Web抓取-Selenium BeautifulSoup-通过分页进行循环

时间:2019-09-27 14:10:43

标签: python web-scraping beautifulsoup

我正试图弄乱硒(只是学习一些东西-问了一些有关beautifulsoup的问题,并提出了一些很好的建议。

无论如何,我只是简单地尝试循环浏览页面并获取div.details并打印发现的数量(作为初始测试)。问题是它似乎只是坐在首页上并重新加载而被卡在了循环中。

我将如何更改它,使其在第1页,第2页中循环然后结束?

from bs4 import BeautifulSoup
import requests
import csv
import pandas
from pandas import DataFrame
import re
import os
import locale
os.environ["PYTHONIOENCODING"] = "utf-8"


from selenium import webdriver
from webdriver_manager.chrome import ChromeDriverManager

page = 1

driver = webdriver.Chrome(ChromeDriverManager().install())
url="https://www.gunstar.co.uk/view-trader/global-rifle-snipersystems/58782?page={page}"

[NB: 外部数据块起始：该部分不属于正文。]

(* Let $y_1,y_2,y_3>0$ with $y_1=4y_2y_3$, let $g=y_1Q|_{\mathfrak m_1}+y_2Q|_{\mathfrak m_2}+y_3Q|_{\mathfrak m_3}$ with orthonormal basis $X_1,\dots,X_7$, and consider the $\mathrm{SO}(5)$-invariant tensors on $V^{5,2}$ given by $\xi=X_1$, $\eta=X^1$, and the endomorphism $\Phi$ of $\mathfrak m$ with $\Phi X_1=0$, $\Phi X_i=-X_{i+3}$, $\Phi X_{i+3}=X_i$ for $i=2,3,4$. Then $(\eta,\xi,g,\Phi)$, which is a contact metric structure, is a Sasakian structure if and only if $y_1=4y_2^2$ and $y_2=y_3$.
   Context: Basis of $\mathfrak{so}(5)$ (with $E_{ij}$ the elementary $5\times5$ matrices): $e_1=E_{12}-E_{21}$, $e_2=E_{13}-E_{31}$, $e_3=E_{14}-E_{41}$, $e_4=E_{15}-E_{51}$, $e_5=E_{23}-E_{32}$, $e_6=E_{24}-E_{42}$, $e_7=E_{25}-E_{52}$, $e_8=E_{34}-E_{43}$, $e_9=E_{35}-E_{53}$, $e_{10}=E_{54}-E_{45}$; bracket = commutator. $V^{5,2}=\mathrm{SO}(5)/\mathrm{SO}(3)$ with $\mathrm{Lie}(\mathrm{SO}(3))=\mathrm{span}\{e_8,e_9,e_{10}\}$; $\mathfrak m=\mathrm{span}\{e_1,\dots,e_7\}$ is identified with the tangent space at the origin and invariant tensors with $\mathrm{Ad}(\mathrm{SO}(3))$-invariant tensors on $\mathfrak m$. $Q(A,B)=\frac12\mathrm{tr}(AB^T)$; $\mathfrak m_1=\mathrm{span}\{e_1\}$, $\mathfrak m_2=\mathrm{span}\{e_2,e_3,e_4\}$, $\mathfrak m_3=\mathrm{span}\{e_5,e_6,e_7\}$, mutually $g$-orthogonal. $X_1=e_1/\sqrt{y_1}$, $X_i=e_i/\sqrt{y_2}$ ($i=2,3,4$), $X_i=e_i/\sqrt{y_3}$ ($i=5,6,7$), with dual coframe $X^i$. A contact metric structure $(\eta,\xi,g,\Phi)$ satisfies $\eta\wedge(d\eta)^3\neq0$, $\eta(\xi)=1$, $\Phi^2=-I+\eta\otimes\xi$, $g(\Phi X,\Phi Y)=g(X,Y)-\eta(X)\eta(Y)$, $d\eta(X,Y)=2g(X,\Phi Y)$. It is Sasakian if it is normal, i.e. the Nijenhuis tensor $N_\Phi(X,Y)=[\Phi X,\Phi Y]+\Phi^2[X,Y]-\Phi[\Phi X,Y]-\Phi[X,\Phi Y]$ satisfies $N_\Phi=-d\eta\otimes\xi$. *)

(* Model of the isotropy representation of V^{5,2} = SO(5)/SO(3):
   m = span{e1,...,e7} is identified with 'rV[R]_7 via coordinates in the basis
   e_1..e_7 (index k : 'I_7 stands for e_{k+1}). *)
From HB Require Import structures.
From mathcomp Require Import all_boot all_order all_algebra all_fingroup.
Set Implicit Arguments. Unset Strict Implicit. Unset Printing Implicit Defensive.
Import Order.TTheory GRing.Theory Num.Theory.
Local Open Scope ring_scope.

Section V52.
Variable R : rcfType.

(* e_{k+1} = E_{mrow k, mcol k} - E_{mcol k, mrow k}  (0-based matrix indices) *)
Definition mrow (k : 'I_7) : 'I_5 := inord (nth 0%N [:: 0; 0; 0; 0; 1; 1; 1]%N k).
Definition mcol (k : 'I_7) : 'I_5 := inord (nth 0%N [:: 1; 2; 3; 4; 2; 3; 4]%N k).

Definition ebas (k : 'I_7) : 'M[R]_5 :=
  delta_mx (mrow k) (mcol k) - delta_mx (mcol k) (mrow k).

Definition emb (u : 'rV[R]_7) : 'M[R]_5 := \sum_(k < 7) u 0 k *: ebas k.

(* m-component (coordinates in e_1..e_7) of a skew matrix in so(5);
   the h = span{e8,e9,e10} part does not touch these entries *)
Definition mcoord (A : 'M[R]_5) : 'rV[R]_7 := \row_k A (mrow k) (mcol k).

Definition brm (u v : 'rV[R]_7) : 'rV[R]_7 :=
  mcoord (emb u *m emb v - emb v *m emb u).

(* weights: g = y1 Q|m1 + y2 Q|m2 + y3 Q|m3 ; Q(e_i,e_j) = delta_ij *)
Definition wt (y1 y2 y3 : R) (k : 'I_7) : R :=
  if (k == 0 :> nat) then y1 else if (k <= 3)%N then y2 else y3.

Definition gm (y1 y2 y3 : R) (u v : 'rV[R]_7) : R :=
  \sum_(k < 7) wt y1 y2 y3 k * u 0 k * v 0 k.

Definition Xf (y1 y2 y3 : R) (k : 'I_7) : 'rV[R]_7 :=
  (Num.sqrt (wt y1 y2 y3 k))^-1 *: delta_mx 0 k.

Definition Xco (y1 y2 y3 : R) (k : 'I_7) (u : 'rV[R]_7) : R :=
  Num.sqrt (wt y1 y2 y3 k) * u 0 k.

Definition PhiX (y1 y2 y3 : R) (k : 'I_7) : 'rV[R]_7 :=
  if (k == 0 :> nat) then 0
  else if (k <= 3)%N then - Xf y1 y2 y3 (inord (k + 3))
  else Xf y1 y2 y3 (inord (k - 3)).

Definition Phi (y1 y2 y3 : R) (u : 'rV[R]_7) : 'rV[R]_7 :=
  \sum_(k < 7) Xco y1 y2 y3 k u *: PhiX y1 y2 y3 k.

Definition xi (y1 y2 y3 : R) : 'rV[R]_7 := Xf y1 y2 y3 0.
Definition eta (y1 y2 y3 : R) (u : 'rV[R]_7) : R := Xco y1 y2 y3 0 u.

(* exterior derivative of the invariant 1-form eta at the origin
   (convention d eta(X,Y) = X eta(Y) - Y eta(X) - eta([X,Y])) *)
Definition deta (y1 y2 y3 : R) (u v : 'rV[R]_7) : R := - eta y1 y2 y3 (brm u v).

Definition Nij (y1 y2 y3 : R) (u v : 'rV[R]_7) : 'rV[R]_7 :=
  let P := Phi y1 y2 y3 in
  brm (P u) (P v) + P (P (brm u v)) - P (brm (P u) v) - P (brm u (P v)).

Definition ecan (k : 'I_7) : 'rV[R]_7 := delta_mx 0 k.

(* (eta /\ (d eta)^3)(e_1,...,e_7), up to the nonzero factor 1/(1!2!2!2!) *)
Definition eta_deta3 (y1 y2 y3 : R) : R :=
  \sum_(s : 'S_7) (-1) ^+ odd_perm s *
    eta y1 y2 y3 (ecan (s (inord 0)))
    * deta y1 y2 y3 (ecan (s (inord 1))) (ecan (s (inord 2)))
    * deta y1 y2 y3 (ecan (s (inord 3))) (ecan (s (inord 4)))
    * deta y1 y2 y3 (ecan (s (inord 5))) (ecan (s (inord 6))).

Definition contact_metric (y1 y2 y3 : R) : Prop :=
  [/\ eta_deta3 y1 y2 y3 != 0,
      eta y1 y2 y3 (xi y1 y2 y3) = 1,
      (forall u, Phi y1 y2 y3 (Phi y1 y2 y3 u) = - u + eta y1 y2 y3 u *: xi y1 y2 y3),
      (forall u v, gm y1 y2 y3 (Phi y1 y2 y3 u) (Phi y1 y2 y3 v)
                   = gm y1 y2 y3 u v - eta y1 y2 y3 u * eta y1 y2 y3 v) &
      (forall u v, deta y1 y2 y3 u v = 2 * gm y1 y2 y3 u (Phi y1 y2 y3 v))].

Definition normal (y1 y2 y3 : R) : Prop :=
  forall u v, Nij y1 y2 y3 u v = - deta y1 y2 y3 u v *: xi y1 y2 y3.

Definition sasakian (y1 y2 y3 : R) : Prop :=
  contact_metric y1 y2 y3 /\ normal y1 y2 y3.

End V52.

From Pilot Require Import Defs.
From HB Require Import structures.
From mathcomp Require Import all_boot all_order all_algebra all_fingroup.
From mathcomp Require Import ring.
Import Order.TTheory GRing.Theory Num.Theory.
Set Implicit Arguments.
Unset Strict Implicit.
Unset Printing Implicit Defensive.
Local Open Scope ring_scope.

(* In the basis e_1, ..., e_7 the m-part of the bracket maps m1 x m2 to m3, m1 x m3 to m2 and
   m2 x m3 to m1, while Phi sends m3 to m2 with factor l = sqrt (y3 / y2) and m2 to m3 with
   factor -1/l.  Writing y1, y2, y3 as squares r^2, p^2, q^2, every tensor identity becomes a
   rational identity in the coordinates.  The contact-metric axioms then hold as soon as
   r = 2 p q, i.e. y1 = 4 y2 y3, and the Nijenhuis tensor satisfies
   N(u, v) + d eta(u, v) xi = (y3 - y2) B(u, v) with B(e_1, e_2) <> 0, so that normality is
   exactly y2 = y3.
   For eta /\ (d eta)^3, d eta(e_a, e_b) vanishes unless b is the partner of a (e_2 <-> e_5,
   e_3 <-> e_6, e_4 <-> e_7); expanding it over the first index of each pair turns the
   alternating sum over S_7 into a sum of determinants of matrices with a single nonzero entry
   in each row.  Each of them is the product of these entries times the sign of the column map
   (0 if it is not a bijection), and multiplying by the Vandermonde determinant of 0, ..., 6
   computes that sign without enumerating permutations.  Altogether
   eta /\ (d eta)^3 = -48 (sqrt y1)^4. *)

Local Notation o k := (@Ordinal 7 k isT).

Lemma inord7 k (hk : (k < 7)%N) : inord k = Ordinal hk.
Proof. by apply: val_inj; rewrite /= inordK. Qed.

Section BigSums.
Variables (R : comNzRingType) (I J : finType).

Lemma sum_pick (a : I) (F : I -> R) : \sum_t (a == t)%:R * F t = F a.
Proof.
rewrite (bigD1 a) //= eqxx mul1r big1 ?addr0 // => t /negbTE.
by rewrite eq_sym => ->; rewrite mul0r.
Qed.

Lemma exchange_sum3 (F : I -> I -> I -> J -> R) :
  \sum_t1 \sum_t2 \sum_t3 \sum_s F t1 t2 t3 s = \sum_s \sum_t1 \sum_t2 \sum_t3 F t1 t2 t3 s.
Proof.
under eq_bigr do under eq_bigr do rewrite exchange_big.
by under eq_bigr do rewrite exchange_big; rewrite exchange_big.
Qed.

#grab all links which contain the href specifed

with requests.Session() as session:
  while True:
    res=session.get(url.format(page=page))
    soup=BeautifulSoup(res.content,'html.parser')
    gun_details = soup.select('div.details')
    if soup.select("nav_next") is None:
        break
    page += 1
    driver.get(url) #navigate to the page
print(len(gun_details))

1 个答案:

答案 0 :(得分:1)

您不需要硒来导航,可以使用请求方法来完成。

from bs4 import BeautifulSoup
import requests
import csv
import pandas
from pandas import DataFrame
import re
import os
import locale
os.environ["PYTHONIOENCODING"] = "utf-8"

page = 1
url="https://www.gunstar.co.uk/view-trader/global-rifle-snipersystems/58782?page={}"

with requests.Session() as session:
  while True:
    print(url.format(page))
    res=session.get(url.format(page))
    soup=BeautifulSoup(res.content,'html.parser')
    gun_details = soup.select('div.details')
    print(len(gun_details))
    if len(soup.select(".nav_next"))==0:
        break
    page += 1

我已经提供了打印和控制它的功能。

https://www.gunstar.co.uk/view-trader/global-rifle-snipersystems/58782?page=1
10
https://www.gunstar.co.uk/view-trader/global-rifle-snipersystems/58782?page=2
4